Chatting Up Jewelle Gomez

 Twenty-one years after the publication of her award-winning novel, The Gilda Stories, and many books, essays, poems, and plays later, Jewelle Gomez remains an icon of the lesbian literary scene in the U.S

This lesbian freedom writer, writes toward social change.

Twenty-one years after the publication of her award-winning novel, The Gilda Stories, and many books, essays, poems, and plays later, Jewelle Gomez remains an icon of the lesbian literary scene in the U.S. Now in her mid-60s, still a stunning femme with light gray hair and sparking eyes, Gomez strikes an imposing figure—as a lesbian, a woman of color, a writer, and an LGBT activist.

“Everything I write, and my activism as well, centers around creating community, the responsible use of power, and the feminist understanding that we’re all connected,” Gomez explains. “And that includes our oppressions.”

But Gomez is far from pedantic. “I’m always trying to write about these things without boring people to death!

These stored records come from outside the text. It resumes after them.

Theorem proposition3p1
  (mu g : R -> R) (b sin : R) (k : R -> R -> R) (ss xs Ds : R)
  (Hmu : admissible_rate mu) (Hg : admissible_rate g)
  (Hb : 0 <= b) (Hsin : 0 < sin)
  (Hss : 0 < ss < sin) (Hxs : 0 < xs) (HDs : 0 < Ds)
  (Heq1 : mu ss = Ds + b) (Heq2 : Ds * (sin - ss) = g ss * xs)
  (Hkpos : forall s x, in_dom2 sin s x -> 0 < k s x)
  (Hklip : loc_lipschitz2 sin k)
  (HkDs : Ds = k ss xs)
  (HGAS : GAS_static mu g b sin k ss xs)
  (HFC : forward_complete_dyn mu g b sin k) :
  forall r : R, 0 < r -> GAS_hybrid mu g b sin k r ss xs.
Proof.
  intros r Hr.
  pose proof (admissible_rate_continuous mu Hmu) as Hmuc.
  pose proof (admissible_rate_continuous g Hg) as Hgc.
  destruct Hg as [[dg [Hdg _]] [Hgnn [_ [_ Hgpos]]]].
  destruct Hmu as [[dmu [Hdmu _]] _].
  destruct HGAS as [Hstatic [_ Hconv]].
  split; [| split].
  - destruct (closed_loop_field_linear_bound mu g b sin k ss xs Ds (dmu ss) (dg ss)
      (Hdmu ss (proj1 Hss)) (Hdg ss (proj1 Hss)) Hklip Hss Hxs HDs (Hgnn ss ltac:(lra))
      Heq1 Heq2 HkDs) as [rho [L [Hrho [HL Hbound]]]].
    exact (hybrid_stable mu g b sin k r ss xs rho L Hmuc Hgc Hgpos Hklip Hr HL Hrho Hbound Hstatic).
  - exact (hybrid_exists mu g b sin k r Hmuc Hgc Hgpos Hklip Hr HFC).
  - intros s x z Hsol.
    exact (hybrid_converges mu g b sin k r Hmuc Hgc Hgpos Hklip Hr s x z Hsol ss xs Hconv).
Qed.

The issues are always there, underneath everything in our lives. It just seems like we can deal better if we are conscious of their influences and use our smarts.”

Her much-beloved lesbian vampire, Gilda, exemplifies how Gomez does this—bringing political issues to the fore in an accessible context.

“When I sit down to write, Gilda is there, waiting like a friend,” Gomez says. “She’s both my past and my future—she carries all of the hopes and fears that I do. Writing genre fiction makes it easier to convey the principles I’m concerned about.

Readers will sink into Gilda’s vampire world and not pull back, because it’s a feminist worldview. That’s why I keep writing her.” Gilda devotees will be pleased to hear that Gomez hopes to get another Gilda novel, The Alternate Decades, out in the next couple of years.

Finding the time to write, and the money to live while she’s writing, is always an issue for Gomez—a former NEA grant recipient. “My friends and contemporaries who have been mourning the loss of Adrienne Rich recently are also mourning the absence of the vibrant lesbian community that nurtured her work, as well as that of Audre Lorde, Cheryl Clarke, and many others,” she says. The impact of the economy and monolithic corporations like Amazon has taken its toll on lesbian literature.

“Because there are almost no independent bookstores, you have to work harder to find lesbian-feminist writers,” Gomez says. “Attending readings, reading blogs, helping to create the dialogues that we used to have in lesbian-feminist journals throughout the year” is a way to make that artistic and feminist connection, but, she adds, “I don’t know any way to make it financially easier on a day-to-day basis. I’ve worked a day job all of my life, as do most writers I know.

Much sought after as a speaker, Gomez is presenting the keynote address at the Golden Crown Literary Society Conference this year, speaking at the Goldie Awards ceremony about how lesbians must create their own stories.

“The mythology we’ve grown up with helps shape how we think, what we believe, the actions we take—or don’t. Whether it’s vampire lore or ethnic folktales or television, we learn how to be ourselves from these mythologies. We can make our own mythology as lesbian feminists. Look at what others have done that is heroic. If we embrace a larger-than-life mythology, we can actually change the world and not feel like everything is out of our control.”

In recent years, Gomez has focused on playwriting, and Waiting for Giovanni, her play about James Baldwin, has made her realize the importance of giving voice to people traditionally silenced by mainstream culture—like women, LGBT people, and people of color.

“I guess as I’ve gotten older what is most important has shifted and changed,” she explains. “As I’ve been working on my play about James Baldwin and watching audiences positively crackle with the knowledge about him, a gay man of color who made a difference in our world, I see that for many Baldwin is a new entity.

Working on moving the play to other cities after its San Francisco premiere, and working on my next play, I feel compelled to make the history of queer people of color a living thing. Theatre reaches an interesting cross-section of people, and I love the idea that they all have to sit in seats beside each other and how dynamic that interaction is. Few people leave the theatre the same as when they went in.”

Generating that kind of excitement and actual physical electricity is tantalizing for Gomez and part of what propels her. “Social change is what it’s always about for me as a lesbian-feminist writer,” she says. And that change is what she has dedicated her art, her writing, and her life too.